И Грейн тоже замолчал.
— Я позвонил вам именно потому, что хочу избежать жертв.
— Самое лучшее, что я могу сейчас сделать, это оставить всех в покое. Я оглянулся и вдруг увидел, что живу среди уголовников и я сам — один из них. Нет принципиального отличия между Яшей Котиком и мной. Такова горькая правда. Анна знает это, и поэтому возвращается к нему.
— Ну, ну, вы преувеличиваете. Если хотите бить себя кулаком в грудь и каяться перед кем-то, то я, наверное, неподходящий для этого человек. У меня есть своя мера вещей. Вы — не Яша Котик.
— Вы собираетесь говорить об Анне, и я отвечу вам так, как если бы вы были ее отцом или братом. В те месяцы, что я жил с Анной, у меня была не только жена, но и еще одна любовница. Я поклялся Анне всем святым, что расстался с той женщиной, но мы встречались при каждой возможности. Через два дня после похорон Станислава Лурье, во время траура, когда Анна сидела в их квартире, я отправился с той женщиной в гостиницу. А у нее уже был муж. Что такого ужасного сделал Яша Котик?
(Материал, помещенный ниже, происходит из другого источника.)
Lemma affL2P (R : realType) n (A B Q : 'rV[R]_n) :
  affL [:: A; B] Q -> exists a b, a + b = 1 /\ Q = a *: A + b *: B.
Proof.
case=> -[lam [lam1 ->]] _; move: lam1; rewrite !big_ord_recl !big_ord0 /= !addr0.
by exists (lam ord0), (lam (lift ord0 ord0)).
Qed.

Lemma affL3P (R : realType) n (A B C Q : 'rV[R]_n) :
  affL [:: A; B; C] Q -> exists a b c, a + b + c = 1 /\ Q = a *: A + b *: B + c *: C.
Proof.
case=> -[lam [lam1 ->]] _; move: lam1; rewrite !big_ord_recl !big_ord0 /= !addr0 !addrA.
by exists (lam ord0), (lam (lift ord0 ord0)), (lam (lift ord0 (lift ord0 ord0))).
Qed.

Section Theorem19.
Variables (R : realType) (n : nat) (Phi : 'M[R]_(4, n)) (Q0 Q1 Q2 : 'rV[R]_n).
Variables (lam0 lam1 : 'rV[R]_4).
Hypotheses (sPhi : forall i, in_simplex (row i Phi)) (gp : general_position Phi).
Hypotheses (Q0_eq : equidistant Phi Q0) (Q0_bary : barycentric Phi lam0 Q0).
Hypotheses (lam01 : lam0 0 i1 < 0) (lam02 : 0 <= lam0 0 i2).
Hypothesis Q1_proj : is_proj (affL [:: row i2 Phi; row i3 Phi; row i4 Phi]) Q0 Q1.
Hypotheses (Q1_bary : barycentric Phi lam1 Q1) (lam12 : lam1 0 i2 < 0).
Hypothesis Q2_proj : is_proj (affL [:: row i3 Phi; row i4 Phi]) Q1 Q2.

Let sQ0 : in_simplex Q0 := Q0_eq.1.2.
Let sQ1 : in_simplex Q1 := Q1_proj.1.2.
Let sQ2 : in_simplex Q2 := Q2_proj.1.2.

Let C1 := KL (row i1 Phi) Q0 - KL Q1 Q0.
Let C2 := C1 - KL Q2 Q1.

Lemma KL_rows_Q1 i : i \in [:: i2; i3; i4] -> KL (row i Phi) Q1 = C1.
Proof.
move=> i_in; rewrite /C1 (Q0_eq.2 i1 i) (proj_pythagoras _ sQ0 Q1_proj); first lra.
  by case=> -[|[|[|]]] // *; apply: sPhi.
exact: (map_f (fun j => row j Phi) i_in).
Qed.

Lemma KL_rows_Q2 i : i \in [:: i3; i4] -> KL (row i Phi) Q2 = C2.
Proof.
move=> i_in; rewrite /C2 -(KL_rows_Q1 (i := i)); last by move: i_in; rewrite !inE => /orP[]/eqP->.
rewrite (proj_pythagoras _ sQ1 Q2_proj); first lra.
  by case=> -[|[|]] // *; apply: sPhi.
exact: (map_f (fun j => row j Phi) i_in).
Qed.

Lemma lam1_i1 : lam1 0 i1 = 0.
Proof.
have [a [b [c [abc Q1E]]]] := affL3P Q1_proj.1.
have bary : barycentric Phi (\row_i [:: 0; a; b; c]`_i) Q1.
  by split; rewrite big_ord4 !mxE /= ?scale0r add0r ?addrA.
by rewrite (barycentric_unique gp Q1_bary bary) mxE.
Qed.

Lemma KL_row2_Q2_le : KL (row i2 Phi) Q2 <= C2.
Proof.
have := KL_compensation (c := fun i => lam1 0 i) sPhi sQ1 sQ2 Q1_bary.2.
have := Q1_bary.1; rewrite !big_ord4 lam1_i1 !mul0r !add0r.
rewrite !KL_rows_Q1 // (KL_rows_Q2 (i := i3)) // (KL_rows_Q2 (i := i4)) //.
move=> lam_sum comp.
have key : lam1 0 i2 * (KL (row i2 Phi) Q2 - C2) = KL Q1 Q2 + KL Q2 Q1.
  have e4 : lam1 0 i4 = 1 - lam1 0 i2 - lam1 0 i3 by lra.
  by rewrite e4 /C2 in comp *; lra.
by rewrite -subr_le0 -(nmulr_rge0 _ lam12) key addr_ge0 ?KL_ge0.
Qed.

Lemma KL_row1_Q2_le : KL (row i1 Phi) Q2 <= C2.
Proof.
have := KL_compensation (c := fun i => lam0 0 i) sPhi sQ0 sQ2 Q0_bary.2.
have := Q0_bary.1; rewrite !big_ord4.
rewrite -(Q0_eq.2 i1 i2) -(Q0_eq.2 i1 i3) -(Q0_eq.2 i1 i4).
rewrite (KL_rows_Q2 (i := i3)) // (KL_rows_Q2 (i := i4)) //.
move=> lam_sum comp.
have key : lam0 0 i1 * (KL (row i1 Phi) Q2 - C2) + lam0 0 i2 * (KL (row i2 Phi) Q2 - C2)
    = KL Q0 Q2 + KL Q1 Q0 + KL Q2 Q1.
  have e4 : lam0 0 i4 = 1 - lam0 0 i1 - lam0 0 i2 - lam0 0 i3 by lra.
  by rewrite e4 /C2 /C1 in comp *; lra.
have le2 : lam0 0 i2 * (KL (row i2 Phi) Q2 - C2) <= 0.
  by rewrite mulr_ge0_le0 // subr_le0 KL_row2_Q2_le.
rewrite -subr_le0 -(nmulr_rge0 _ lam01).
have := KL_ge0 sQ0 sQ2; have := KL_ge0 sQ1 sQ0; have := KL_ge0 sQ2 sQ1; lra.
Qed.

Lemma KL_row4_Q2 : KL (row i4 Phi) Q2 = KL (row i3 Phi) Q2.
Proof. by rewrite !KL_rows_Q2. Qed.

Lemma KL_rows_Q2_le i : KL (row i Phi) Q2 <= KL (row i3 Phi) Q2.
Proof.
rewrite (KL_rows_Q2 (i := i3)) //.
case: i => -[|[|[|[|//]]]] lt_i4; rewrite (bool_irrelevance lt_i4 erefl).
- exact: KL_row1_Q2_le.
- exact: KL_row2_Q2_le.
- by rewrite (KL_rows_Q2 (i := i3)).
- by rewrite (KL_rows_Q2 (i := i4)).
Qed.

Lemma Q2_segment : exists a b,
  [/\ 0 <= a, 0 <= b, a + b = 1 & Q2 = a *: row i3 Phi + b *: row i4 Phi].
Proof.
have [a [b [ab Q2E]]] := affL2P Q2_proj.1.
have P34 : row i3 Phi != row i4 Phi by apply/eqP => /(general_position_row_inj gp).
exists a, b; split => //.
  exact: segment_weight_ge0 (sPhi i3) (sPhi i4) sQ2 P34 ab Q2E (esym KL_row4_Q2).
rewrite addrC in ab; rewrite addrC in Q2E; rewrite eq_sym in P34.
exact: segment_weight_ge0 (sPhi i4) (sPhi i3) sQ2 P34 ab Q2E KL_row4_Q2.
Qed.

End Theorem19.

Theorem theorem19 (R : realType) (n : nat) (Phi : 'M[R]_(4, n))
  (Q0 Q1 Q2 : 'rV[R]_n) (lam0 lam1 : 'rV[R]_4) :
  (forall i, in_simplex (row i Phi)) ->
  general_position Phi ->
  equidistant Phi Q0 ->
  barycentric Phi lam0 Q0 ->
  lam0 0 i1 < 0 -> 0 <= lam0 0 i2 -> 0 <= lam0 0 i3 -> 0 <= lam0 0 i4 ->
  is_proj (affL [:: row i2 Phi; row i3 Phi; row i4 Phi]) Q0 Q1 ->
  barycentric Phi lam1 Q1 ->
  lam1 0 i2 < 0 -> 0 <= lam1 0 i3 -> 0 <= lam1 0 i4 ->
  is_proj (affL [:: row i3 Phi; row i4 Phi]) Q1 Q2 ->
  (exists lam, capacity_achieving Phi lam) /\
  (forall lam, capacity_achieving Phi lam -> lam *m Phi = Q2) /\
  capacity Phi = KL (row i3 Phi) Q2.
Proof.
move=> sPhi gp Q0_eq Q0_bary lam01 lam02 _ _ Q1_proj Q1_bary lam12 _ _ Q2_proj.
have [a [b [a0 b0 ab Q2E]]] := Q2_segment sPhi gp Q0_eq Q1_proj Q2_proj.
pose lams : 'rV[R]_4 := \row_i [:: 0; 0; a; b]`_i.
have lamsE : lams *m Phi = Q2.
  by rewrite mulmx_sum_row big_ord4 !mxE /= !scale0r !add0r.
have slams : in_csimplex lams.
  split=> [i|]; last by rewrite big_ord4 !mxE /= !add0r.
  by rewrite mxE; case: i => -[|[|[|[|]]]].
have KL_le i : KL (row i Phi) (lams *m Phi) <= KL (row i3 Phi) Q2.
  rewrite lamsE.
  exact: KL_rows_Q2_le sPhi gp Q0_eq Q0_bary lam01 lam02 Q1_proj Q1_bary lam12 Q2_proj i.
have MI : mutual_info lams Phi = KL (row i3 Phi) Q2.
  rewrite mutual_infoE big_ord4 !mxE /= lamsE !mul0r !add0r.
  by rewrite (KL_row4_Q2 sPhi Q0_eq Q1_proj Q2_proj) -mulrDl ab mul1r.
have [lams_max lams_unique ->] := capacity_characterization sPhi slams KL_le MI.
by split; [exists lams | split=> // lam /lams_unique; rewrite lamsE].
Qed.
Соломон Марголин опустил голову.
— Что вас связывает с той женщиной? Настолько сильная любовь?
— Если бы все было хорошо, я бы не ушел от нее к Анне.
— Ну-ну, я понимаю, я все понимаю. Анна даже что-то такое говорила. Будь мы оба лет на двадцать моложе, я бы даже спросил вас, какую из этих двух женщин вы любите на самом деле. Но я слишком стар, чтобы задавать подобные вопросы. Меня в этой сфере ничем удивить невозможно. Роль примирителя мне противна, но я не хочу, чтобы Анна пошла ко дну.
— У нее есть один путь: найти себе солидного господина или называйте это как вам будет угодно.
— Так быстро не найдешь. Она сама женщина с тысячью комплексов. Было время, когда я сам не был к ней равнодушен, и тогда видел, что за путаница царит в ее душе. Я не хочу приносить вам дурных вестей, но ваша жена очень больна. Возможно, гораздо серьезнее, чем вы думаете.
— Я знаю достаточно. А откуда знаете вы?
— Ну, это врачебные тайны. Медицинский Нью-Йорк — это одно маленькое местечко.
— Пока она жива, я обязан быть с ней.
— Да, верно. Я не хочу лезть к вам в душу. Но что вы собираетесь делать вообще? Вернуться в синагогу? Вы, конечно, не обязаны мне отвечать.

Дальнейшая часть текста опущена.